Let $\omega_1$ and $\omega_2$ be circles of radii 5 and 7, respectively, and suppose that the distance between their centers is 10. There exists a circle $\omega_3$ that is internally tangent to both $\omega_1$ and $\omega_2$, and tangent to the line joining the centers of $\omega_1$ and $\omega_2$. If the radius of $\omega_3$ can be expressed in the form $a \sqrt{b} - c$, where $a$, $b$, and $c$ are integers, and $b$ is not divisible by the square if any prime, find the value of $a + b + c$.

Solution

[asy]  import geometry;  size(10cm);  point A = origin; point B = (10,0); point C = (5-(30-2*sqrt(210)),10*sqrt(210)-144); point D,E,T;  circle a = circle(A,5); circle b = circle(B,7); circle c = circle(C,10*sqrt(210)-144);  // Defining D, E, and T pair[] d = intersectionpoints(b,A--B); D = d[0];  pair[] e = intersectionpoints(a,A--B); E = e[0];  pair[] t = intersectionpoints(c,A--B); T = t[0];  // Circles draw(a); draw(b); draw(c);  // Segments AB, BC, AC, and CT draw(A--B); draw(B--C); draw(A--C); draw(C--T);  // Point Labels dot(A); label("A",A,WSW); dot(B); label("B",B,ESE); dot(C); label("C",C,(0,0.5)); dot(D); label("D",D,SW); dot(E); label("E",E,SE); dot(T); label("T",T,S);  // Right angle mark markscalefactor=0.05; draw(rightanglemark(C,T,A));  [/asy]

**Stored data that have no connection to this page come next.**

Theorem mainTheorem9
  (U : R -> R -> Prop) (z x y n1 n2 : R -> R -> V4)
  (E nu mu gamma1 gamma2 beta1 beta2 : R -> R -> R)
  (hU : open2 U)
  (hsz : smoothV U z) (hsx : smoothV U x) (hsy : smoothV U y)
  (hsn1 : smoothV U n1) (hsn2 : smoothV U n2)
  (hsE : smooth2 U E) (hsnu : smooth2 U nu) (hsmu : smooth2 U mu)
  (hsg1 : smooth2 U gamma1) (hsg2 : smooth2 U gamma2)
  (hsb1 : smooth2 U beta1) (hsb2 : smooth2 U beta2)
  (* geometric frame: positively oriented orthonormal *)
  (hframe : forall u v, U u v -> pos_orthonormal (x u v) (y u v) (n1 u v) (n2 u v))
  (* invariant conditions *)
  (hmu : forall u v, U u v -> mu u v > 0)
  (hnu : forall u v, U u v -> nu u v <> 0)
  (hmunu : forall u v, U u v -> mu u v ^ 2 <> nu u v ^ 2)
  (* strongly regular *)
  (hreg : forall u v, U u v -> gamma1 u v * gamma2 u v <> 0)
  (* canonical parameters: E = G = |mu^2 - nu^2|^(-1/2), F = 0,
     x = z_u / sqrt E, y = z_v / sqrt G *)
  (hE : forall u v, U u v -> E u v = Rpower (Rabs (mu u v ^ 2 - nu u v ^ 2)) (- (1/2)))
  (hzu : forall u v, U u v -> pduV z u v (vscale (sqrt (E u v)) (x u v)))
  (hzv : forall u v, U u v -> pdvV z u v (vscale (sqrt (E u v)) (y u v)))
  (* derivative formulas of the geometric frame; nabla'_x = (1/sqrt E) d/du,
     nabla'_y = (1/sqrt G) d/dv with G = E *)
  (hxx : forall u v, U u v -> pduV x u v
     (vscale (sqrt (E u v)) (vadd (vscale (gamma1 u v) (y u v)) (vscale (nu u v) (n1 u v)))))
  (hxy : forall u v, U u v -> pduV y u v
     (vscale (sqrt (E u v)) (vadd (vscale (- gamma1 u v) (x u v)) (vscale (mu u v) (n2 u v)))))
  (hyx : forall u v, U u v -> pdvV x u v
     (vscale (sqrt (E u v)) (vadd (vscale (- gamma2 u v) (y u v)) (vscale (mu u v) (n2 u v)))))
  (hyy : forall u v, U u v -> pdvV y u v
     (vscale (sqrt (E u v)) (vadd (vscale (gamma2 u v) (x u v)) (vscale (- nu u v) (n1 u v)))))
  (hxn1 : forall u v, U u v -> pduV n1 u v
     (vscale (sqrt (E u v)) (vadd (vscale (- nu u v) (x u v)) (vscale (beta1 u v) (n2 u v)))))
  (hyn1 : forall u v, U u v -> pdvV n1 u v
     (vscale (sqrt (E u v)) (vadd (vscale (nu u v) (y u v)) (vscale (beta2 u v) (n2 u v)))))
  (hxn2 : forall u v, U u v -> pduV n2 u v
     (vscale (sqrt (E u v)) (vadd (vscale (- mu u v) (y u v)) (vscale (- beta1 u v) (n1 u v)))))
  (hyn2 : forall u v, U u v -> pdvV n2 u v
     (vscale (sqrt (E u v)) (vadd (vscale (- mu u v) (x u v)) (vscale (- beta2 u v) (n1 u v))))) :
  let f := fun u v => Rpower (Rabs (mu u v ^ 2 - nu u v ^ 2)) (1/4) in
  let h := fun u v => ln (sqrt (Rabs ((mu u v + nu u v) / (mu u v - nu u v)))) in
  let K := fun u v => - (mu u v ^ 2 + nu u v ^ 2) in
  let kappa := fun u v => 2 * nu u v * mu u v in
  (forall u v, U u v ->
     pdv f u v (gamma1 u v) /\ pdu f u v (gamma2 u v) /\
     (exists d, pdv h u v d /\ beta1 u v = - f u v * d) /\
     (exists d, pdu h u v d /\ beta2 u v = f u v * d)) /\
  (exists L1, is_laplacian U (fun u v => ln (Rabs (mu u v ^ 2 - nu u v ^ 2))) L1 /\
     forall u v, U u v ->
       1/4 * sqrt (Rabs (mu u v ^ 2 - nu u v ^ 2)) * L1 u v + nu u v ^ 2 + mu u v ^ 2 = 0) /\
  (exists L2, is_laplacian U (fun u v => ln (Rabs ((mu u v + nu u v) / (mu u v - nu u v)))) L2 /\
     forall u v, U u v ->
       1/2 * sqrt (Rabs (mu u v ^ 2 - nu u v ^ 2)) * L2 u v + 2 * nu u v * mu u v = 0) /\
  (exists L3, is_laplacian U (fun u v => ln (K u v ^ 2 - kappa u v ^ 2)) L3 /\
     forall u v, U u v ->
       1/8 * Rpower (K u v ^ 2 - kappa u v ^ 2) (1/4) * L3 u v - K u v = 0) /\
  (exists L4, is_laplacian U (fun u v => ln ((K u v - kappa u v) / (K u v + kappa u v))) L4 /\
     forall u v, U u v ->
       1/4 * Rpower (K u v ^ 2 - kappa u v ^ 2) (1/4) * L4 u v + kappa u v = 0).
Proof.
  intros f h K kappa.
  assert (hEpos : forall u v, U u v -> 0 < E u v)
    by (intros u v Huv; rewrite (hE u v Huv); apply Rpower_pos).
  destruct (gauss_equation_canonical U z x y n1 n2 E nu mu gamma1 gamma2 beta1 beta2)
    as [L1 [HL1 EL1]]; try assumption.
  destruct (ricci_equation_canonical U z x y n1 n2 E nu mu gamma1 gamma2 beta1 beta2)
    as [L2 [HL2 EL2]]; try assumption.
  split; [apply (invariants_as_derivatives U z x y n1 n2 E nu mu gamma1 gamma2 beta1 beta2);
          assumption |].
  split; [exists L1; split; assumption |].
  split; [exists L2; split; assumption |].
  split.
  - exact (gauss_equation_curvatures U mu nu L1 hU hmunu HL1 EL1).
  - exact (ricci_equation_curvatures U mu nu L2 hU hmunu HL2 EL2).
Qed.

Let $\omega_1$ have center $A$, $\omega_2$ have center $B$, and $\omega_3$ have center $C$. Further, let $\overline{AB}$ intersect $\omega_1$ at $D$, $\omega_2$ at $E$, and $\omega_3$ at $T$, as in the diagram. Let $r$ be the radius of $\omega_3$ and let $TE=x$.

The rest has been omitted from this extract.